+++ Records for this task +++
Section AxisConfiguration.
Variables (R : realType) (d t k : nat).

Definition height (j l : nat) : R := k.+2%:R ^+ (j * t + l)%N.

Definition axis_point (j l : nat) : 'rV[R]_d :=
  \row_(c < d) (if c == (j %% d)%N :> nat then height j l else 0).

Lemma height_gt0 j l : 0 < height j l.
Proof. by rewrite exprn_gt0 // ltr0n. Qed.

Lemma height_lt j l l' : (l < l')%N -> k%:R * height j l <= height j l'.
Proof.
move=> ll'; rewrite /height.
have step : (k%:R : R) * k.+2%:R ^+ (j * t + l)%N <= k.+2%:R ^+ (j * t + l)%N.+1.
  by rewrite exprS ler_pM2r ?exprn_gt0 // ler_nat leqW.
by apply: le_trans step _; rewrite ler_eXn2l ?ltr1n // -addnS leq_add2l.
Qed.

Lemma height_inj j l j' l' : (l < t)%N -> (l' < t)%N ->
  height j l = height j' l' -> j = j' /\ l = l'.
Proof.
move=> lt lt' E.
have {}E : (j * t + l = j' * t + l')%N.
  by apply: (ieexprIn _ _ E); rewrite ?ltr0n ?pnatr_eq1.
have t0 : (0 < t)%N := leq_ltn_trans (leq0n l) lt.
split; last by move: (congr1 (modn^~ t) E); rewrite !modnMDl !modn_small.
by move: (congr1 (divn^~ t) E); rewrite !divnMDl // !divn_small // !addn0.
Qed.

Lemma axis_point_inj j l j' l' : (0 < d)%N -> (l < t)%N -> (l' < t)%N ->
  axis_point j l = axis_point j' l' -> j = j' /\ l = l'.
Proof.
move=> d0 lt lt' /rowP /(_ (Ordinal (ltn_pmod j d0))); rewrite !mxE /= eqxx.
case: eqP => [_ | _ h0]; last by move: (height_gt0 j l); rewrite h0 ltxx.
exact: height_inj.
Qed.

Lemma axis_comb_coord n (al : 'I_n -> R) (l : 'I_n -> nat) (c : 'I_d) :
  (\sum_j al j *: axis_point j (l j)) 0 c
  = \sum_(j in [set j : 'I_n | (j %% d)%N == c]) al j * height j (l j).
Proof.
rewrite summxE [RHS]big_mkcond; apply: eq_bigr => j _.
by rewrite !mxE inE eq_sym; case: eqP; rewrite ?mulr0.
Qed.

Lemma axis_config_no_eq_coeff n (s : 'I_k -> 'I_n -> 'I_t) :
  (0 < k)%N -> (0 < d)%N -> (n <= (k - 1) * d)%N -> colourful_partition s ->
  ~ eq_coeff_intersect (fun (j : 'I_n) (l : 'I_t) => axis_point j l) s.
Proof.
move=> k0 d0 nle s_inj [al [al0 [al1 eq_al]]].
have al_eq0 j : al j = 0.
  pose c := Ordinal (ltn_pmod j d0).
  apply: (@separated_weights_eq0 R k n [set j' : 'I_n | (j' %% d)%N == c]
            (fun j' i => height j' (s i j')) al) => //.
  - by apply: leq_ltn_trans (card_mod_class _ d0 nle) _; rewrite ltn_subrL k0.
  - by move=> j' i; apply: height_gt0.
  - move=> j' i i' /height_inj [//|//|_ /val_inj]; exact: s_inj.
  - by move=> j' i i'; rewrite ltr_eXn2l ?ltr1n // ltn_add2l; apply: height_lt.
  - by move=> i i'; rewrite -!axis_comb_coord (eq_al i i').
  - by rewrite inE.
by move: al1; rewrite big1 // => /eqP; rewrite eq_sym oner_eq0.
Qed.

End AxisConfiguration.

Section SarkariaLift.
Variables (R : realType) (k d n : nat) (F : 'I_n -> 'I_k.+1 -> 'rV[R]_d).

Definition lift_point (j : 'I_n) (r : 'I_k.+1) : 'rV[R]_(k * d) :=
  mxvec (\matrix_(i < k) (F j (widen_ord (leqnSn k) i + r) - F j (ord_max + r))).

Lemma lift_hull0 j : exists2 beta, simplex beta & comb (lift_point j) beta = 0.
Proof.
exists (const_mx k.+1%:R^-1).
  split=> [i|]; first by rewrite mxE invr_ge0 ler0n.
  under eq_bigr do rewrite mxE.
  by rewrite sumr_const card_ord -[LHS]mulr_natl mulfV // pnatr_eq0.
rewrite /comb; under eq_bigr do rewrite mxE.
rewrite -scaler_sumr /lift_point -linear_sum /=.
suff -> : \sum_r (\matrix_(i < k) (F j (widen_ord (leqnSn k) i + r) - F j (ord_max + r)))
  = 0 :> 'M_(k, d) by rewrite linear0 scaler0.
have shift_sum (a : 'I_k.+1) : \sum_r F j (a + r) = \sum_r F j r.
  by rewrite [RHS](reindex_inj (addrI a)).
apply/row_matrixP => i; rewrite row0 linear_sum /=.
under eq_bigr do rewrite rowK.
by rewrite sumrB !shift_sum subrr.
Qed.

Lemma lift_comb_eq0 (c : 'I_n -> 'I_k.+1) (al : 'rV[R]_n) :
  comb (fun j => lift_point j (c j)) al = 0 ->
  forall i, \sum_j al 0 j *: F j (i + c j) = \sum_j al 0 j *: F j (ord_max + c j).
Proof.
rewrite /comb /lift_point.
under eq_bigr do rewrite -linearZ.
rewrite -linear_sum /= => /eqP; rewrite mxvec_eq0 => /eqP comb0 i.
have [i_lt | i_ge] := ltnP i k; last first.
  by have -> : i = ord_max by apply/val_inj/eqP; rewrite eqn_leq i_ge andbT -ltnS ltn_ord.
have /eqP := congr1 (row (Ordinal i_lt)) comb0.
rewrite row0 linear_sum /=.
under eq_bigr do rewrite linearZ /= rowK scalerBr.
rewrite sumrB subr_eq0 => /eqP <-.
by apply: eq_bigr => j _; congr (_ *: F j (_ + _)); apply: val_inj.
Qed.

End SarkariaLift.

Theorem theorem1 (R : realType) (k d : nat) :
  (1 <= k)%N -> (1 <= d)%N ->
  (forall (n t : nat) (F : 'I_n -> 'I_t -> 'rV[R]_d),
      n = ((k - 1) * d + 1)%N -> t = k -> distinct_points F ->
      exists s : 'I_k -> 'I_n -> 'I_t,
        colourful_partition s /\ eq_coeff_intersect F s)
  /\
  (forall n t : nat,
      (1 <= n)%N -> (n < (k - 1) * d + 1)%N -> (k <= t)%N ->
      exists F : 'I_n -> 'I_t -> 'rV[R]_d,
        distinct_points F /\
        forall s : 'I_k -> 'I_n -> 'I_t,
          colourful_partition s -> ~ eq_coeff_intersect F s).
Proof.
move=> k_gt0 d_gt0; split.
  move=> n t F En tk _; subst n t; case: k k_gt0 F => [//|k] _ F.
  have Dn : (k * d < (k.+1 - 1) * d + 1)%N by rewrite subn1 addn1.
  have [c [al alS al0]] := colourful_caratheodory Dn (lift_hull0 F).
  exists (fun i j => i + c j); split; first by move=> j; apply: addIr.
  exists (fun j => al 0 j); split; first by case: alS.
  split; first by case: alS.
  by move=> i i'; rewrite !(lift_comb_eq0 al0).
move=> n t _; rewrite addn1 ltnS => n_le _.
exists (fun (j : 'I_n) (l : 'I_t) => axis_point R d t k j l); split.
  move=> [j l] [j' l'] /= /axis_point_inj[//|//|//|jj ll].
  by congr (_, _); apply: val_inj.
by move=> s; apply: axis_config_no_eq_coeff.
Qed.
+++
▶ **What is being asked**
Without omission, return all of the records exactly as given.

▶ **Task solution**
Section AxisConfiguration.
Variables (R : realType) (d t k : nat).

Definition height (j l : nat) : R := k.+2%:R ^+ (j * t + l)%N.

Definition axis_point (j l : nat) : 'rV[R]_d :=
  \row_(c < d) (if c == (j %% d)%N :> nat then height j l else 0).

Lemma height_gt0 j l : 0 < height j l.
Proof. by rewrite exprn_gt0 // ltr0n. Qed.

Lemma height_lt j l l' : (l < l')%N -> k%:R * height j l <= height j l'.
Proof.
move=> ll'; rewrite /height.
have step : (k%:R : R) * k.+2%:R ^+ (j * t + l)%N <= k.+2%:R ^+ (j * t + l)%N.+1.
  by rewrite exprS ler_pM2r ?exprn_gt0 // ler_nat leqW.
by apply: le_trans step _; rewrite ler_eXn2l ?ltr1n // -addnS leq_add2l.
Qed.

Lemma height_inj j l j' l' : (l < t)%N -> (l' < t)%N ->
  height j l = height j' l' -> j = j' /\ l = l'.
Proof.
move=> lt lt' E.
have {}E : (j * t + l = j' * t + l')%N.
  by apply: (ieexprIn _ _ E); rewrite ?ltr0n ?pnatr_eq1.
have t0 : (0 < t)%N := leq_ltn_trans (leq0n l) lt.
split; last by move: (congr1 (modn^~ t) E); rewrite !modnMDl !modn_small.
by move: (congr1 (divn^~ t) E); rewrite !divnMDl // !divn_small // !addn0.
Qed.

Lemma axis_point_inj j l j' l' : (0 < d)%N -> (l < t)%N -> (l' < t)%N ->
  axis_point j l = axis_point j' l' -> j = j' /\ l = l'.
Proof.
move=> d0 lt lt' /rowP /(_ (Ordinal (ltn_pmod j d0))); rewrite !mxE /= eqxx.
case: eqP => [_ | _ h0]; last by move: (height_gt0 j l); rewrite h0 ltxx.
exact: height_inj.
Qed.

Lemma axis_comb_coord n (al : 'I_n -> R) (l : 'I_n -> nat) (c : 'I_d) :
  (\sum_j al j *: axis_point j (l j)) 0 c
  = \sum_(j in [set j : 'I_n | (j %% d)%N == c]) al j * height j (l j).
Proof.
rewrite summxE [RHS]big_mkcond; apply: eq_bigr => j _.
by rewrite !mxE inE eq_sym; case: eqP; rewrite ?mulr0.
Qed.

Lemma axis_config_no_eq_coeff n (s : 'I_k -> 'I_n -> 'I_t) :
  (0 < k)%N -> (0 < d)%N -> (n <= (k - 1) * d)%N -> colourful_partition s ->
  ~ eq_coeff_intersect (fun (j : 'I_n) (l : 'I_t) => axis_point j l) s.
Proof.
move=> k0 d0 nle s_inj [al [al0 [al1 eq_al]]].
have al_eq0 j : al j = 0.
  pose c := Ordinal (ltn_pmod j d0).
  apply: (@separated_weights_eq0 R k n [set j' : 'I_n | (j' %% d)%N == c]
            (fun j' i => height j' (s i j')) al) => //.
  - by apply: leq_ltn_trans (card_mod_class _ d0 nle) _; rewrite ltn_subrL k0.
  - by move=> j' i; apply: height_gt0.
  - move=> j' i i' /height_inj [//|//|_ /val_inj]; exact: s_inj.
  - by move=> j' i i'; rewrite ltr_eXn2l ?ltr1n // ltn_add2l; apply: height_lt.
  - by move=> i i'; rewrite -!axis_comb_coord (eq_al i i').
  - by rewrite inE.
by move: al1; rewrite big1 // => /eqP; rewrite eq_sym oner_eq0.
Qed.

End AxisConfiguration.

Section SarkariaLift.
Variables (R : realType) (k d n : nat) (F : 'I_n -> 'I_k.+1 -> 'rV[R]_d).

Definition lift_point (j : 'I_n) (r : 'I_k.+1) : 'rV[R]_(k * d) :=
  mxvec (\matrix_(i < k) (F j (widen_ord (leqnSn k) i + r) - F j (ord_max + r))).

Lemma lift_hull0 j : exists2 beta, simplex beta & comb (lift_point j) beta = 0.
Proof.
exists (const_mx k.+1%:R^-1).
  split=> [i|]; first by rewrite mxE invr_ge0 ler0n.
  under eq_bigr do rewrite mxE.
  by rewrite sumr_const card_ord -[LHS]mulr_natl mulfV // pnatr_eq0.
rewrite /comb; under eq_bigr do rewrite mxE.
rewrite -scaler_sumr /lift_point -linear_sum /=.
suff -> : \sum_r (\matrix_(i < k) (F j (widen_ord (leqnSn k) i + r) - F j (ord_max + r)))
  = 0 :> 'M_(k, d) by rewrite linear0 scaler0.
have shift_sum (a : 'I_k.+1) : \sum_r F j (a + r) = \sum_r F j r.
  by rewrite [RHS](reindex_inj (addrI a)).
apply/row_matrixP => i; rewrite row0 linear_sum /=.
under eq_bigr do rewrite rowK.
by rewrite sumrB !shift_sum subrr.
Qed.

Lemma lift_comb_eq0 (c : 'I_n -> 'I_k.+1) (al : 'rV[R]_n) :
  comb (fun j => lift_point j (c j)) al = 0 ->
  forall i, \sum_j al 0 j *: F j (i + c j) = \sum_j al 0 j *: F j (ord_max + c j).
Proof.
rewrite /comb /lift_point.
under eq_bigr do rewrite -linearZ.
rewrite -linear_sum /= => /eqP; rewrite mxvec_eq0 => /eqP comb0 i.
have [i_lt | i_ge] := ltnP i k; last first.
  by have -> : i = ord_max by apply/val_inj/eqP; rewrite eqn_leq i_ge andbT -ltnS ltn_ord.
have /eqP := congr1 (row (Ordinal i_lt)) comb0.
rewrite row0 linear_sum /=.
under eq_bigr do rewrite linearZ /= rowK scalerBr.
rewrite sumrB subr_eq0 => /eqP <-.
by apply: eq_bigr => j _; congr (_ *: F j (_ + _)); apply: val_inj.
Qed.

End SarkariaLift.

Theorem theorem1 (R : realType) (k d : nat) :
  (1 <= k)%N -> (1 <= d)%N ->
  (forall (n t : nat) (F : 'I_n -> 'I_t -> 'rV[R]_d),
      n = ((k - 1) * d + 1)%N -> t = k -> distinct_points F ->
      exists s : 'I_k -> 'I_n -> 'I_t,
        colourful_partition s /\ eq_coeff_intersect F s)
  /\
  (forall n t : nat,
      (1 <= n)%N -> (n < (k - 1) * d + 1)%N -> (k <= t)%N ->
      exists F : 'I_n -> 'I_t -> 'rV[R]_d,
        distinct_points F /\
        forall s : 'I_k -> 'I_n -> 'I_t,
          colourful_partition s -> ~ eq_coeff_intersect F s).
Proof.
move=> k_gt0 d_gt0; split.
  move=> n t F En tk _; subst n t; case: k k_gt0 F => [//|k] _ F.
  have Dn : (k * d < (k.+1 - 1) * d + 1)%N by rewrite subn1 addn1.
  have [c [al alS al0]] := colourful_caratheodory Dn (lift_hull0 F).
  exists (fun i j => i + c j); split; first by move=> j; apply: addIr.
  exists (fun j => al 0 j); split; first by case: alS.
  split; first by case: alS.
  by move=> i i'; rewrite !(lift_comb_eq0 al0).
move=> n t _; rewrite addn1 ltnS => n_le _.
exists (fun (j : 'I_n) (l : 'I_t) => axis_point R d t k j l); split.
  move=> [j l] [j' l'] /= /axis_point_inj[//|//|//|jj ll].
  by congr (_, _); apply: val_inj.
by move=> s; apply: axis_config_no_eq_coeff.
Qed.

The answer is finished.